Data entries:

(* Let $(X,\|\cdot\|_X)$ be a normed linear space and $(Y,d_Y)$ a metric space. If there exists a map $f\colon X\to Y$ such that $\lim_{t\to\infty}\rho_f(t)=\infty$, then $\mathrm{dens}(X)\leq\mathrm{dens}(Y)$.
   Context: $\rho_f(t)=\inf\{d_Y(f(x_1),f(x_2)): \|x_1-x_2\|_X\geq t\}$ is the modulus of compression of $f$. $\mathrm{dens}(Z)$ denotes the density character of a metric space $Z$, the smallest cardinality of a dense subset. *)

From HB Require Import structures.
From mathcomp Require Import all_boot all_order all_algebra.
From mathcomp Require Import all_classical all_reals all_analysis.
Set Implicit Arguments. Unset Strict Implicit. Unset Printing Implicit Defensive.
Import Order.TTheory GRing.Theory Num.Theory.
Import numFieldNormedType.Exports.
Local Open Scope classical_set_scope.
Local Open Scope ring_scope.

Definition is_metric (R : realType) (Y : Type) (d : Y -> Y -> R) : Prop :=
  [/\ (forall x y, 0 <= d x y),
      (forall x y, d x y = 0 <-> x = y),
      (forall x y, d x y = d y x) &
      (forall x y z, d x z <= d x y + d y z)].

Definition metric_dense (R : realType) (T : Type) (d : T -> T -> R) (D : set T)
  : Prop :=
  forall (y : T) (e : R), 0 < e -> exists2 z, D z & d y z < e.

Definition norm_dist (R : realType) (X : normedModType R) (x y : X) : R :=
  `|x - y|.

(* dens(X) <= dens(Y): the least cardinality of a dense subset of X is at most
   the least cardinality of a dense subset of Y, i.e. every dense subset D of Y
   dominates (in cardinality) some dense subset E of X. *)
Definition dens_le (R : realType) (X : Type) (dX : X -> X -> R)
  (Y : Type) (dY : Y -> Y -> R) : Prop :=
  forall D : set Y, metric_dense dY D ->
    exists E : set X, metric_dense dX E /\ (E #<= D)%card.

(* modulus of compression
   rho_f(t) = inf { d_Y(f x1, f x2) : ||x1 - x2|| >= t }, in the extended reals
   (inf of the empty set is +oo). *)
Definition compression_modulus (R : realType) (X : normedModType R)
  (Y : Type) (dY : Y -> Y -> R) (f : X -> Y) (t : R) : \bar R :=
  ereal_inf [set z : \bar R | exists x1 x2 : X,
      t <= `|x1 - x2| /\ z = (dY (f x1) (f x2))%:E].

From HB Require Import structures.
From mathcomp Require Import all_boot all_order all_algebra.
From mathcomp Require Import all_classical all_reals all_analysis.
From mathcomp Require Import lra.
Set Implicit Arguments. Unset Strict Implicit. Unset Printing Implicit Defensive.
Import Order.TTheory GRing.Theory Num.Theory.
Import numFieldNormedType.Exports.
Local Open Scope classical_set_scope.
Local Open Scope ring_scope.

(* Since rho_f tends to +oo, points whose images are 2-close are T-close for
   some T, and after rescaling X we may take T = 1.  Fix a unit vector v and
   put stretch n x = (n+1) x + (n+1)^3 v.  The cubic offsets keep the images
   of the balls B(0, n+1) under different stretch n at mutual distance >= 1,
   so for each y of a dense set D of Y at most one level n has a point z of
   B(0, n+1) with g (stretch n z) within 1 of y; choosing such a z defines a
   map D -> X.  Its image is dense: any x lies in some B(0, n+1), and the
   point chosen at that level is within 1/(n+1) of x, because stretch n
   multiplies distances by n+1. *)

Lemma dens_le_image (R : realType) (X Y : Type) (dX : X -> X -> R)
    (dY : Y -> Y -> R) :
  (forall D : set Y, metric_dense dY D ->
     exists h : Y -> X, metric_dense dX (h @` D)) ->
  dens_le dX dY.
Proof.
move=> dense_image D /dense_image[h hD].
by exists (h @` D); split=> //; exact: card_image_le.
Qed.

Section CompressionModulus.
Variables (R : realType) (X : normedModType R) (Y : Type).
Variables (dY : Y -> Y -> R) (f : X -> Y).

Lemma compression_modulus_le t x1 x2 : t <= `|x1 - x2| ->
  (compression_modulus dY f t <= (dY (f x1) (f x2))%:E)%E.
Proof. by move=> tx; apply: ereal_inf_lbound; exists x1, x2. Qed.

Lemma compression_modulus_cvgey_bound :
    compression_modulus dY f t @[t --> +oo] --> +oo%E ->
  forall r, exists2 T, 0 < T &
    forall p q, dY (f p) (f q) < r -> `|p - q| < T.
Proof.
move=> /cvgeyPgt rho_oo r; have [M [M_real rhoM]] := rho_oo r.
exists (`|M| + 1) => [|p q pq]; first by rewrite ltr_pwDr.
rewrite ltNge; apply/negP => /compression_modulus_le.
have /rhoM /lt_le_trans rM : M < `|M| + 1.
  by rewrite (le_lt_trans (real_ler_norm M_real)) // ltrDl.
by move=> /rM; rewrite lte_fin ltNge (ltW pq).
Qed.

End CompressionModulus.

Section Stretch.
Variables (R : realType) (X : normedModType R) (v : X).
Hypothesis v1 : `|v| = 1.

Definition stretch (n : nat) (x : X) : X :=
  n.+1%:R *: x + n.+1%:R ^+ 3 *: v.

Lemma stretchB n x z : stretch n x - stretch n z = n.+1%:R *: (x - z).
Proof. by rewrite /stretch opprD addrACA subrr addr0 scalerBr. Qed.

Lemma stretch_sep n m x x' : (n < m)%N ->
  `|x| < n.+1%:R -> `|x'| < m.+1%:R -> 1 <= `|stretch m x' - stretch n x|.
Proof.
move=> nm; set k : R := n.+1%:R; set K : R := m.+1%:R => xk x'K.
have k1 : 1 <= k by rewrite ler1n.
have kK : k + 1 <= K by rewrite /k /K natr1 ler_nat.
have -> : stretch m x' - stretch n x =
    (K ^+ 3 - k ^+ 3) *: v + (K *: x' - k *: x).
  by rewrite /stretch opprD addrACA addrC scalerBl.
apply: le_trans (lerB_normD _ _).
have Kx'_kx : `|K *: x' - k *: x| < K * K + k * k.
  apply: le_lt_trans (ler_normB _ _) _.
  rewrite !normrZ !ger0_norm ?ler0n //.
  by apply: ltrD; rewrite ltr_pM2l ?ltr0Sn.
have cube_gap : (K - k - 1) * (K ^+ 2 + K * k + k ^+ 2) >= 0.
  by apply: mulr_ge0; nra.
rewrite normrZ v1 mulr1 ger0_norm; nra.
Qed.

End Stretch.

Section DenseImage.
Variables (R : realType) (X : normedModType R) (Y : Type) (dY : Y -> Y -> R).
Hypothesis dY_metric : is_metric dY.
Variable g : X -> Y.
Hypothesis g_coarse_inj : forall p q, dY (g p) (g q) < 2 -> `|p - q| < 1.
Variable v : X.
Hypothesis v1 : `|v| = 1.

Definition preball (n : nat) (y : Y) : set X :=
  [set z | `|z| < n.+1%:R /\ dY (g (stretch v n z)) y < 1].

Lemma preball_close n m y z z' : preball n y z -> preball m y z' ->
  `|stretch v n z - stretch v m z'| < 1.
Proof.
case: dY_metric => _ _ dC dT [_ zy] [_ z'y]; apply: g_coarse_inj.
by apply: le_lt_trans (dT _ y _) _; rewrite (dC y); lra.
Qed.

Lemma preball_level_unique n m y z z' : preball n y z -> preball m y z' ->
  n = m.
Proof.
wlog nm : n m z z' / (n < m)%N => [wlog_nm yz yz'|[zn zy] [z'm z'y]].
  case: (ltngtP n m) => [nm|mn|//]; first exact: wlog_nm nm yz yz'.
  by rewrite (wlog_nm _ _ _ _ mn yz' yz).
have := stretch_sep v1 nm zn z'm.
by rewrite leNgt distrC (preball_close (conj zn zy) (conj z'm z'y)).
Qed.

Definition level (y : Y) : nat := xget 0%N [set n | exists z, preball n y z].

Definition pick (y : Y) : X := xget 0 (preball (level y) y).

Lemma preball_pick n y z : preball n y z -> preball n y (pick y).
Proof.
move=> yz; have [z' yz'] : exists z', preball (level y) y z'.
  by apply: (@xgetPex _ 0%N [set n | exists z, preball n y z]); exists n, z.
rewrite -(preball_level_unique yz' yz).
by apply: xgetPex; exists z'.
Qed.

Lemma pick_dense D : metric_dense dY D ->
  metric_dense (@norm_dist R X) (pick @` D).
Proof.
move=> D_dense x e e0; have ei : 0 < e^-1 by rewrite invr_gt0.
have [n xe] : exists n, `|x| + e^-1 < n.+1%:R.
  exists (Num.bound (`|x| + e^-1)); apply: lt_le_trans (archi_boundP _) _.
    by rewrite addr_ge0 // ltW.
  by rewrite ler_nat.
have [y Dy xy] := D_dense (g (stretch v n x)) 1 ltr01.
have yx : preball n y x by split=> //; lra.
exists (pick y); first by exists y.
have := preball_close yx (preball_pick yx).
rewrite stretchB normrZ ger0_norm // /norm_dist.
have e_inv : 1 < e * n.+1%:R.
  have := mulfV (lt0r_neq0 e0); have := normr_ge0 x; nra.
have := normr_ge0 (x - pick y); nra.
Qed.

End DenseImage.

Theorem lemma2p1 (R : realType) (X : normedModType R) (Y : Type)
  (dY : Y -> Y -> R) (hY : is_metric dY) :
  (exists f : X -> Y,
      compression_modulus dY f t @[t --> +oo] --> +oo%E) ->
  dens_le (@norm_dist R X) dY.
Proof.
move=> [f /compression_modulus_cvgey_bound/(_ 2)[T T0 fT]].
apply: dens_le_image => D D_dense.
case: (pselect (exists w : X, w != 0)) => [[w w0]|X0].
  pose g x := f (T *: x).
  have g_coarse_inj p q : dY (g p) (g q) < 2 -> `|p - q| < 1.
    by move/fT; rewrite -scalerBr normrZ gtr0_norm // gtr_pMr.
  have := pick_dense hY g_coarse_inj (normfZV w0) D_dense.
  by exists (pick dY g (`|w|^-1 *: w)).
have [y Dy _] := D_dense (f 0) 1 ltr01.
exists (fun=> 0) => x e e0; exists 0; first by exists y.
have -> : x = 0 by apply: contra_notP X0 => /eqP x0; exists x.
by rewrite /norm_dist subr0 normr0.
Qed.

■ Exercise requirements ■
Beginning at the opening line of the data, transcribe each line exactly until you reach the line with "rho_f(t) = inf", which you also include, and go no further.

■ Answer section ■
(* Let $(X,\|\cdot\|_X)$ be a normed linear space and $(Y,d_Y)$ a metric space. If there exists a map $f\colon X\to Y$ such that $\lim_{t\to\infty}\rho_f(t)=\infty$, then $\mathrm{dens}(X)\leq\mathrm{dens}(Y)$.
   Context: $\rho_f(t)=\inf\{d_Y(f(x_1),f(x_2)): \|x_1-x_2\|_X\geq t\}$ is the modulus of compression of $f$. $\mathrm{dens}(Z)$ denotes the density character of a metric space $Z$, the smallest cardinality of a dense subset. *)

From HB Require Import structures.
From mathcomp Require Import all_boot all_order all_algebra.
From mathcomp Require Import all_classical all_reals all_analysis.
Set Implicit Arguments. Unset Strict Implicit. Unset Printing Implicit Defensive.
Import Order.TTheory GRing.Theory Num.Theory.
Import numFieldNormedType.Exports.
Local Open Scope classical_set_scope.
Local Open Scope ring_scope.

Definition is_metric (R : realType) (Y : Type) (d : Y -> Y -> R) : Prop :=
  [/\ (forall x y, 0 <= d x y),
      (forall x y, d x y = 0 <-> x = y),
      (forall x y, d x y = d y x) &
      (forall x y z, d x z <= d x y + d y z)].

Definition metric_dense (R : realType) (T : Type) (d : T -> T -> R) (D : set T)
  : Prop :=
  forall (y : T) (e : R), 0 < e -> exists2 z, D z & d y z < e.

Definition norm_dist (R : realType) (X : normedModType R) (x y : X) : R :=
  `|x - y|.

(* dens(X) <= dens(Y): the least cardinality of a dense subset of X is at most
   the least cardinality of a dense subset of Y, i.e. every dense subset D of Y
   dominates (in cardinality) some dense subset E of X. *)
Definition dens_le (R : realType) (X : Type) (dX : X -> X -> R)
  (Y : Type) (dY : Y -> Y -> R) : Prop :=
  forall D : set Y, metric_dense dY D ->
    exists E : set X, metric_dense dX E /\ (E #<= D)%card.

(* modulus of compression
   rho_f(t) = inf { d_Y(f x1, f x2) : ||x1 - x2|| >= t }, in the extended reals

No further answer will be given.